Idea #116 - Manipulating Time and Space

12 years since his passing, and still, audiences and celebrated artists alike, look up to Satoshi Kon as one of the most gifted directors to have ever existed. Lingering somewhere between reality and fantasy, Kon’s storytelling was a play of time and space, like a fever dream.


Today we watched how he manipulated time and space to play in his favour. His signature editing was primarily experimental scene transitions and radical jump cuts, sometimes through time, sometimes across space, and sometimes both.
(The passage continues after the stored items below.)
(* Let $C\in(\frac{\beta u_0-1}{r},\frac{\beta u_0}{r})$ with $C<\xi_1(\beta)$. Then there exists a unique $z_f^C\in(0,d)$ such that the function $f_C=F_{z_f^C}\mathbf 1_{[0,z_f^C]}+G_{C,z_f^C}\mathbf 1_{(z_f^C,d]}$ solves Problem 1 with $f_C'(0)=0$ and $f_C(d)=C$. Moreover, the map $C\mapsto z_f^C$ is increasing and $z_f^{\xi_1(\beta)}=d$, where for $C=\xi_1(\beta)$ the quantity $z_f^C$ denotes the point $s\in(0,d]$ with $F_s(s)=G_{C,s}(s)$.
   Context: Fix $\mu\in\mathbb R$, $\sigma>0$, $u_0>0$, $r>0$, $\beta>0$, $d>0$. For $u\in[0,u_0]$ let $\theta_1(u)=\frac{\sqrt{(\mu-u)^2+2r\sigma^2}+(\mu-u)}{\sigma^2}$, $\theta_2(u)=\frac{\sqrt{(\mu-u)^2+2r\sigma^2}-(\mu-u)}{\sigma^2}$; write $\alpha_i=\theta_i(u_0)$, $\gamma_i=\theta_i(0)$ ($i=1,2$). Let $\xi_1(\beta)=\frac{\beta u_0}{r}-\beta\frac{e^{\alpha_1d}+\frac{\alpha_1}{\alpha_2}e^{-\alpha_2d}}{\alpha_1(e^{\alpha_1d}-e^{-\alpha_2d})}$. For $s\in(0,d]$ and real $C$ define on $[0,d]$ $$F_s(z)=\frac{\beta u_0}{r}-\beta\frac{e^{\alpha_1z}+\frac{\alpha_1}{\alpha_2}e^{-\alpha_2z}}{\alpha_1(e^{\alpha_1s}-e^{-\alpha_2s})},$$ $$G_{C,s}(z)=\frac{C\gamma_2e^{-\gamma_2(s-d)}-\beta}{\gamma_1e^{\gamma_1s}+\gamma_2e^{(\gamma_1+\gamma_2)d}e^{-\gamma_2s}}\big(e^{\gamma_1z}-e^{(\gamma_1+\gamma_2)d}e^{-\gamma_2z}\big)+Ce^{-\gamma_2(z-d)}.$$ Problem 1: a bounded twice continuously differentiable function $f$ on $[0,d]$ satisfying $-rf(z)-\mu f'(z)+\frac{\sigma^2}{2}f''(z)+\sup_{u\in[0,u_0]}\{(\beta+f'(z))u\}=0$ for $z\in[0,d]$ (one-sided derivatives at endpoints). *)

From Stdlib Require Import Reals.
Open Scope R_scope.

Definition theta1 (mu sigma r u : R) : R :=
  (sqrt ((mu - u) ^ 2 + 2 * r * sigma ^ 2) + (mu - u)) / sigma ^ 2.
Definition theta2 (mu sigma r u : R) : R :=
  (sqrt ((mu - u) ^ 2 + 2 * r * sigma ^ 2) - (mu - u)) / sigma ^ 2.

Definition xi1 (mu sigma u0 r beta d : R) : R :=
  let a1 := theta1 mu sigma r u0 in
  let a2 := theta2 mu sigma r u0 in
  beta * u0 / r
  - beta * (exp (a1 * d) + a1 / a2 * exp (- a2 * d))
      / (a1 * (exp (a1 * d) - exp (- a2 * d))).

Definition Ffun (mu sigma u0 r beta s z : R) : R :=
  let a1 := theta1 mu sigma r u0 in
  let a2 := theta2 mu sigma r u0 in
  beta * u0 / r
  - beta * (exp (a1 * z) + a1 / a2 * exp (- a2 * z))
      / (a1 * (exp (a1 * s) - exp (- a2 * s))).

Definition Gfun (mu sigma r beta d C s z : R) : R :=
  let g1 := theta1 mu sigma r 0 in
  let g2 := theta2 mu sigma r 0 in
  (C * g2 * exp (- g2 * (s - d)) - beta)
    / (g1 * exp (g1 * s) + g2 * exp ((g1 + g2) * d) * exp (- g2 * s))
    * (exp (g1 * z) - exp ((g1 + g2) * d) * exp (- g2 * z))
  + C * exp (- g2 * (z - d)).

(* f_C = F_s 1_[0,s] + G_{C,s} 1_(s,d]  (values outside [0,d] are irrelevant) *)
Definition fC (mu sigma u0 r beta d C s : R) (z : R) : R :=
  if Rle_dec z s then Ffun mu sigma u0 r beta s z
  else Gfun mu sigma r beta d C s z.

Definition has_deriv_on (a b : R) (f f' : R -> R) : Prop :=
  forall x, a <= x <= b ->
  forall eps, 0 < eps -> exists delta, 0 < delta /\
    forall y, a <= y <= b -> y <> x -> Rabs (y - x) < delta ->
      Rabs ((f y - f x) / (y - x) - f' x) < eps.

Definition cont_on (a b : R) (f : R -> R) : Prop :=
  forall x, a <= x <= b ->
  forall eps, 0 < eps -> exists delta, 0 < delta /\
    forall y, a <= y <= b -> Rabs (y - x) < delta -> Rabs (f y - f x) < eps.

Definition solves_problem1 (mu sigma u0 r beta d : R) (f f1 f2 : R -> R) : Prop :=
  (exists M, forall z, 0 <= z <= d -> Rabs (f z) <= M) /\
  has_deriv_on 0 d f f1 /\ has_deriv_on 0 d f1 f2 /\ cont_on 0 d f2 /\
  forall z, 0 <= z <= d ->
    exists S, is_lub (fun y => exists u, 0 <= u <= u0 /\ y = (beta + f1 z) * u) S /\
      - r * f z - mu * f1 z + sigma ^ 2 / 2 * f2 z + S = 0.

Definition good_switch (mu sigma u0 r beta d C z : R) : Prop :=
  0 < z < d /\
  exists f1 f2 : R -> R,
    solves_problem1 mu sigma u0 r beta d (fC mu sigma u0 r beta d C z) f1 f2 /\
    f1 0 = 0 /\ fC mu sigma u0 r beta d C z d = C.

Definition admissible (mu sigma u0 r beta d C : R) : Prop :=
  (beta * u0 - 1) / r < C < beta * u0 / r /\ C < xi1 mu sigma u0 r beta d.

From Stdlib Require Import Reals Lra Psatz.
From Coquelicot Require Import Coquelicot.
Open Scope R_scope.

(* For s > 0 let Psi(s) be the value at d of the solution of the uncontrolled equation
   sigma^2/2 y'' - mu y' - r y = 0 with y(s) = F_s(s) and y'(s) = -beta.  Since G_{C,s} solves
   this equation with G(d) = C and G'(s) = -beta = F_s'(s), the glued function f_C is continuous
   at s, and then automatically C^1, exactly when C = Psi(s).  It is then C^2 because both pieces
   solve their equations with the same data at s, and the supremum in Problem 1 is attained at
   u = u0 on [0,s] (where beta + F_s' >= 0) and at u = 0 on (s,d] (where beta + G' <= 0, a
   consequence of F_s''(s) < 0).  Finally Psi is strictly increasing on (0,d], Psi(d) = xi_1(beta)
   and Psi(s) -> -oo as s -> 0+, which gives existence, uniqueness and monotonicity of z_f^C. *)

Definition char_poly (mu sigma r u x : R) : R :=
  sigma ^ 2 / 2 * x ^ 2 - (mu - u) * x - r.

Section CharacteristicRoots.
Variables mu sigma r u : R.
Hypotheses (sigma_gt0 : 0 < sigma) (r_gt0 : 0 < r).

Local Notation q := (sqrt ((mu - u) ^ 2 + 2 * r * sigma ^ 2)).

Lemma sqrt_disc_sqr : q * q = (mu - u) ^ 2 + 2 * r * sigma ^ 2.
Proof.
  apply sqrt_sqrt. pose proof (pow2_ge_0 (mu - u)).
  assert (0 < r * sigma ^ 2) by (apply Rmult_lt_0_compat; [lra | apply pow_lt; lra]). lra.
Qed.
This element went well with the fundamental theme of all of his movies - modern people coping with the multiple lives they lead.


To draw a more easily comprehensible idea of Satoshi Kon’s brilliant editing - the first four minutes of Paprika has five dream sequences, each inter-connected by a match cut, while the first fifteen minutes of Inception has four interconnected dreams and a single match cut! Complimenting his approach was the spontaneity of his narration that started on one note and ended on an entirely different tangent altogether, only to later come back for a justification through another insignificant detail.


There is a reason directors like Darren Aronofsky and Christopher Nolan resorted to Kon’s work when inspiration did not strike them, and his work is proof of the genius artist that he was. Despite his short-lived career, Satoshi Kon revolutionised Japanese anime, and his work continues to be cherished years after his demise.